### Exercise requirements
Print nothing except the lines of the listing below from the line with "If m lies in" to the line with "rewrite !in_cons =>", each exactly as written, both ends included.
(Available records)
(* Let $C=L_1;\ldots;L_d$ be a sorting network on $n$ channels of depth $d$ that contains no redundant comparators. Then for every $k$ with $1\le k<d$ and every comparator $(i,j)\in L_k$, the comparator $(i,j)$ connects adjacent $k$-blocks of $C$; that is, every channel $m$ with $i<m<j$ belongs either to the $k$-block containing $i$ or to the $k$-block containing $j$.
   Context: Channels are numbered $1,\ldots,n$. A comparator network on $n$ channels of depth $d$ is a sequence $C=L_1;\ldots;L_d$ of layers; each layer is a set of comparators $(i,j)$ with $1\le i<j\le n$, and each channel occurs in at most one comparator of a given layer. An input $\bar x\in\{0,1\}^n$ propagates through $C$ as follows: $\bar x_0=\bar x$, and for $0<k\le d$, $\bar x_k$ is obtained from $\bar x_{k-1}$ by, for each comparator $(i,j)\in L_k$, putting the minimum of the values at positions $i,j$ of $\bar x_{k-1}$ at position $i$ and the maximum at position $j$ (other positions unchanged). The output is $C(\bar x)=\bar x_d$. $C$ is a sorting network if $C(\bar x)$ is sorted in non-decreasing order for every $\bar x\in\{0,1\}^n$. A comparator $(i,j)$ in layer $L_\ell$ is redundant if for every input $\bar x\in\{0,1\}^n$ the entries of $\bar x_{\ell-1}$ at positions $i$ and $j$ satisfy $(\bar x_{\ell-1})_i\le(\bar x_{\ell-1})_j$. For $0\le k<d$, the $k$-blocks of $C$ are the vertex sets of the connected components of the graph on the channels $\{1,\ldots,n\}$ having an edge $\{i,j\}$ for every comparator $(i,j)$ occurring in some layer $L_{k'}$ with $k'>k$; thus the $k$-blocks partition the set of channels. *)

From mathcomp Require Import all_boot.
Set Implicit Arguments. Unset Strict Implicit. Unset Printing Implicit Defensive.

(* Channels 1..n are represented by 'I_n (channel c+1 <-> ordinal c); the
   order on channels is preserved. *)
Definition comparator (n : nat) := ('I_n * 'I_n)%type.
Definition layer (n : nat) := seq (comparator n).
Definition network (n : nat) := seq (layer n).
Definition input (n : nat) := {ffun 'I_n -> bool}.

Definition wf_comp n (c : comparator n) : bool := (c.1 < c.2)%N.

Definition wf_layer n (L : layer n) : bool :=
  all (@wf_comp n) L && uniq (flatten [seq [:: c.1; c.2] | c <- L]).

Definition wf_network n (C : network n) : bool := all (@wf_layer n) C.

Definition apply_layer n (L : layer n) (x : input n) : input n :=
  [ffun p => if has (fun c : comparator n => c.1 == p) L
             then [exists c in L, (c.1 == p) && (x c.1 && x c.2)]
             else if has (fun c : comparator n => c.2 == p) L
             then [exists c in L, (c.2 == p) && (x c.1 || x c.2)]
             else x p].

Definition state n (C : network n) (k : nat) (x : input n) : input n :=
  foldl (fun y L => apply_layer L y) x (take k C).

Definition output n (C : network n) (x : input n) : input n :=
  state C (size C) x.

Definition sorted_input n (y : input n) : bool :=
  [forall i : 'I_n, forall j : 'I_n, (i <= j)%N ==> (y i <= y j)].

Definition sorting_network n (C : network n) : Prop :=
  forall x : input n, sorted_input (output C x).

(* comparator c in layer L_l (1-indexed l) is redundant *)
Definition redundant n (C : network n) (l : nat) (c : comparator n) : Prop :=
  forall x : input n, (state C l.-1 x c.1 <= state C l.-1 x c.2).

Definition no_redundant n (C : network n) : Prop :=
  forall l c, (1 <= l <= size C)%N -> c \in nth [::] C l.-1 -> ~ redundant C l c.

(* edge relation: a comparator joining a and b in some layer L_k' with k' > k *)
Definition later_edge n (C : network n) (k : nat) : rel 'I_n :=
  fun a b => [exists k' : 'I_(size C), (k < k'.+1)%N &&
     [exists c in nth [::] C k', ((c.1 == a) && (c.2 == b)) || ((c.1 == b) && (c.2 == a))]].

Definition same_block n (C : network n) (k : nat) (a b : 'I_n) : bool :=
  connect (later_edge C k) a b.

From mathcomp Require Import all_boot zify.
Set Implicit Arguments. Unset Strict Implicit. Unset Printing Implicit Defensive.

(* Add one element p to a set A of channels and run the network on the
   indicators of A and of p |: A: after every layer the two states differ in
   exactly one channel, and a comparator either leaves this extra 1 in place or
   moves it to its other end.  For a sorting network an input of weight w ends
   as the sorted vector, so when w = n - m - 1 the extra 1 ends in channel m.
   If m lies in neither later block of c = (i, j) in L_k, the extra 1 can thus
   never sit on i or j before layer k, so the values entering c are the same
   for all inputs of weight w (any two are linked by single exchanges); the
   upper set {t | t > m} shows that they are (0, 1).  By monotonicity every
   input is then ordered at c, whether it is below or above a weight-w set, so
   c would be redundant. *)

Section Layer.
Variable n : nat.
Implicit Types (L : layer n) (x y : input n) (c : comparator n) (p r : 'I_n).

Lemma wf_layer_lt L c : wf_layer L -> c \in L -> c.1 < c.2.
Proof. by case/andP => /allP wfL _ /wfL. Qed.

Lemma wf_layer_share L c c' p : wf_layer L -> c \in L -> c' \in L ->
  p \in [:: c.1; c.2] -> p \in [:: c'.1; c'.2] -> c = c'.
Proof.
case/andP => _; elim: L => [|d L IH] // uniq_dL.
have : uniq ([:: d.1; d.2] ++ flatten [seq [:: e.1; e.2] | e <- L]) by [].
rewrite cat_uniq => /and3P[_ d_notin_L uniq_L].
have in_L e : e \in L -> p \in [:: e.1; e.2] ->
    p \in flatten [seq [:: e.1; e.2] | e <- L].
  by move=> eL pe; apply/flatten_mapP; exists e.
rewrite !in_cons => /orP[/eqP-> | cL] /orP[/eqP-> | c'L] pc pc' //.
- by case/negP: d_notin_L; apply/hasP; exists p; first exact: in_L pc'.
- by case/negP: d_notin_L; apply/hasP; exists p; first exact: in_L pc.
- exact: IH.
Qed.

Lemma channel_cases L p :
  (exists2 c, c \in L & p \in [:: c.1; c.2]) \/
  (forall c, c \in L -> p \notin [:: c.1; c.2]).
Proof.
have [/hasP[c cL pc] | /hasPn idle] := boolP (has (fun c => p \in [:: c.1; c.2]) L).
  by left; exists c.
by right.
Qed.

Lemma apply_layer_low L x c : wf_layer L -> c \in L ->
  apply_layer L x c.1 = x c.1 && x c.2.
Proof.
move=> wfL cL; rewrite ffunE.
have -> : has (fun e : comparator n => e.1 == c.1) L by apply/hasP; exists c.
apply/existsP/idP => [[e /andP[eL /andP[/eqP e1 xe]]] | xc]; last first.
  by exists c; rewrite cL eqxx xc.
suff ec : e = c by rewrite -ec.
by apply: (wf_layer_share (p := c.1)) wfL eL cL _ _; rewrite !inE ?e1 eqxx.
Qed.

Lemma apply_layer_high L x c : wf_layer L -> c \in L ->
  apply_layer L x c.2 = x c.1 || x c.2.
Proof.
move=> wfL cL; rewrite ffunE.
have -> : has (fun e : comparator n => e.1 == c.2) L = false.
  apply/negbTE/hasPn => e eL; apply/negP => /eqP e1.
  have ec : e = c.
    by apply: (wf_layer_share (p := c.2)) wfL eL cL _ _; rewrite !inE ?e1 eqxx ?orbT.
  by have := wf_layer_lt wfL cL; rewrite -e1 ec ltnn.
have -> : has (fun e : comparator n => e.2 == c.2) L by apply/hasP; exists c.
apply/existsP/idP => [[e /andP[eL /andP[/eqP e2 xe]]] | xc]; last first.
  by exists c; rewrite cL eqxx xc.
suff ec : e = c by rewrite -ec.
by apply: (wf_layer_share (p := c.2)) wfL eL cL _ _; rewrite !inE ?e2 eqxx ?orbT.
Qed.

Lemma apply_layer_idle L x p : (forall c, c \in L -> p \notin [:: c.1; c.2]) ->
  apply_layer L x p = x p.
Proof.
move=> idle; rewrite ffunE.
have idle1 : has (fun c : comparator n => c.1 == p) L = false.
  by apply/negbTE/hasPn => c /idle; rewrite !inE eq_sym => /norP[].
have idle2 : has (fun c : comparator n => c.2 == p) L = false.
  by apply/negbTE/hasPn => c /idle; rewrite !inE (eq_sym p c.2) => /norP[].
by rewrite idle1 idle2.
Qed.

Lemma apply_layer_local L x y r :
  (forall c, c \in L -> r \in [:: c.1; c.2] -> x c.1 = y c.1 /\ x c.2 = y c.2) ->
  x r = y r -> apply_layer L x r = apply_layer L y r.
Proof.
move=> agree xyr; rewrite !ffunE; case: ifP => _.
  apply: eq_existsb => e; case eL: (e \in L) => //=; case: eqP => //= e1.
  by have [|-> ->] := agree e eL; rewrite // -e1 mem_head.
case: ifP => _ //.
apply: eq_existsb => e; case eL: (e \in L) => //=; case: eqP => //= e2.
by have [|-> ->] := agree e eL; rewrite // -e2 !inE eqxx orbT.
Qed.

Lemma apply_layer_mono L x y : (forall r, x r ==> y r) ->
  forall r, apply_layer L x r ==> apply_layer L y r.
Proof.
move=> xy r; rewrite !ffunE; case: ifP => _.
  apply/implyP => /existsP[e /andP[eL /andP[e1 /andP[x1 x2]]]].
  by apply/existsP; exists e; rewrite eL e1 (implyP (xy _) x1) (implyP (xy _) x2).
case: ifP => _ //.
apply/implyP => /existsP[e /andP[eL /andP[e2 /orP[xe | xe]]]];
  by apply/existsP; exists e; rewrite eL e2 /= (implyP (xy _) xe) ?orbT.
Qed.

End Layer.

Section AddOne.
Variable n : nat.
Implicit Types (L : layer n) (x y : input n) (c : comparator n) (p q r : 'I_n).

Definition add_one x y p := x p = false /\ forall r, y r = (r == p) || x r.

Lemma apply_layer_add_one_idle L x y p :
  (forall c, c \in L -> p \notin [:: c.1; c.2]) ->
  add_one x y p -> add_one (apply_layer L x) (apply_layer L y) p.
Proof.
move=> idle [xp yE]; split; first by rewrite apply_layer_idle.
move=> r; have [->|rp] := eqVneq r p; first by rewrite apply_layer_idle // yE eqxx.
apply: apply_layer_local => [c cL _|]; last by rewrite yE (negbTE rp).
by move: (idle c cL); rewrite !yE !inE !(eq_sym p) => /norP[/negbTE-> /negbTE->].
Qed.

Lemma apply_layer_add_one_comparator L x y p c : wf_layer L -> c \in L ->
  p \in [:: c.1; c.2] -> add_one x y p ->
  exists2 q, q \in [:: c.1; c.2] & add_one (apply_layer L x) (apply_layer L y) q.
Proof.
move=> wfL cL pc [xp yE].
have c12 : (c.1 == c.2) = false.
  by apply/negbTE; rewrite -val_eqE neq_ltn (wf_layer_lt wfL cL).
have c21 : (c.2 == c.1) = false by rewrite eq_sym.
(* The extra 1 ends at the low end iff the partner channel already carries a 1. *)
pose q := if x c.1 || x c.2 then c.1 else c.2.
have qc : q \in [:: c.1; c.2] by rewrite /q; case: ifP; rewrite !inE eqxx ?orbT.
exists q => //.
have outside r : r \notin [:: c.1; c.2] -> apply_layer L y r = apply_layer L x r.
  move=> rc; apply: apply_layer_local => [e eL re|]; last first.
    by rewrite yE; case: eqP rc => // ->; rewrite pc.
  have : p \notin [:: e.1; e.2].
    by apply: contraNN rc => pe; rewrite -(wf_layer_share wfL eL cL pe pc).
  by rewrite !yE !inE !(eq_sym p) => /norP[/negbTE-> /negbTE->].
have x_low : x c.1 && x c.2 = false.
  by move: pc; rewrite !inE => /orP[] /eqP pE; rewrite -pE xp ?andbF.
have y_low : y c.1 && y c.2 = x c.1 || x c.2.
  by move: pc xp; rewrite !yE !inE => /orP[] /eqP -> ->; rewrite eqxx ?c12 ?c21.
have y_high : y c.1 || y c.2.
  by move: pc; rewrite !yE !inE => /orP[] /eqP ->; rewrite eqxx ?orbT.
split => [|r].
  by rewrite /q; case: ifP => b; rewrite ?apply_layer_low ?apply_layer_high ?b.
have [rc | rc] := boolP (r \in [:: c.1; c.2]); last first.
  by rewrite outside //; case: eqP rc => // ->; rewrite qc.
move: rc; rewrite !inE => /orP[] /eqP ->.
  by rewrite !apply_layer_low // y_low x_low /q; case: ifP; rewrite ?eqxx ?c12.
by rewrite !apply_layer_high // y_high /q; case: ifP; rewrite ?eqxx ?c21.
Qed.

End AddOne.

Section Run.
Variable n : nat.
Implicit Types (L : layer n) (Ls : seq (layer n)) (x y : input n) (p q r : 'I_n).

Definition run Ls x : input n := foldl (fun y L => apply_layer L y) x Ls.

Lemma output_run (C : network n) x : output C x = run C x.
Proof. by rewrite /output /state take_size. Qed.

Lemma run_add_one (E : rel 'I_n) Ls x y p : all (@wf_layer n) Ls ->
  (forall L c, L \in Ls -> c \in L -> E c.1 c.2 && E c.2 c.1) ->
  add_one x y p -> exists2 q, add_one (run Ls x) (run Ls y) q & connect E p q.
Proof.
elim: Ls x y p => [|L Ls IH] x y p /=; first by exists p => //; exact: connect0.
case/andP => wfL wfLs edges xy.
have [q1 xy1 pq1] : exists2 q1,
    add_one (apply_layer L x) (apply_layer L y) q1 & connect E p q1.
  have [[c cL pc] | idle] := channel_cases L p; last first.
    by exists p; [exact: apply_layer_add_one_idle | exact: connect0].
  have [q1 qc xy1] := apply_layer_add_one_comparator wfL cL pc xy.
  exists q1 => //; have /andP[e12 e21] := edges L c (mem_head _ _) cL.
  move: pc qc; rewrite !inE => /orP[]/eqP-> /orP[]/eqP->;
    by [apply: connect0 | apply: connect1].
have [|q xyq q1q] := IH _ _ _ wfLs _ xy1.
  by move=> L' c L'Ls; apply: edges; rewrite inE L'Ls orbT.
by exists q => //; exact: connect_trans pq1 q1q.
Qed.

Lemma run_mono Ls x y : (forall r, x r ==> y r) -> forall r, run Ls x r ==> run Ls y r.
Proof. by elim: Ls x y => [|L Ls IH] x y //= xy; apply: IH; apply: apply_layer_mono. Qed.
(End Available records)
### Reply
   If m lies in neither later block of c = (i, j) in L_k, the extra 1 can thus
   never sit on i or j before layer k, so the values entering c are the same
   for all inputs of weight w (any two are linked by single exchanges); the
   upper set {t | t > m} shows that they are (0, 1).  By monotonicity every
   input is then ordered at c, whether it is below or above a weight-w set, so
   c would be redundant. *)

Section Layer.
Variable n : nat.
Implicit Types (L : layer n) (x y : input n) (c : comparator n) (p r : 'I_n).

Lemma wf_layer_lt L c : wf_layer L -> c \in L -> c.1 < c.2.
Proof. by case/andP => /allP wfL _ /wfL. Qed.

Lemma wf_layer_share L c c' p : wf_layer L -> c \in L -> c' \in L ->
  p \in [:: c.1; c.2] -> p \in [:: c'.1; c'.2] -> c = c'.
Proof.
case/andP => _; elim: L => [|d L IH] // uniq_dL.
have : uniq ([:: d.1; d.2] ++ flatten [seq [:: e.1; e.2] | e <- L]) by [].
rewrite cat_uniq => /and3P[_ d_notin_L uniq_L].
have in_L e : e \in L -> p \in [:: e.1; e.2] ->
    p \in flatten [seq [:: e.1; e.2] | e <- L].
  by move=> eL pe; apply/flatten_mapP; exists e.
rewrite !in_cons => /orP[/eqP-> | cL] /orP[/eqP-> | c'L] pc pc' //.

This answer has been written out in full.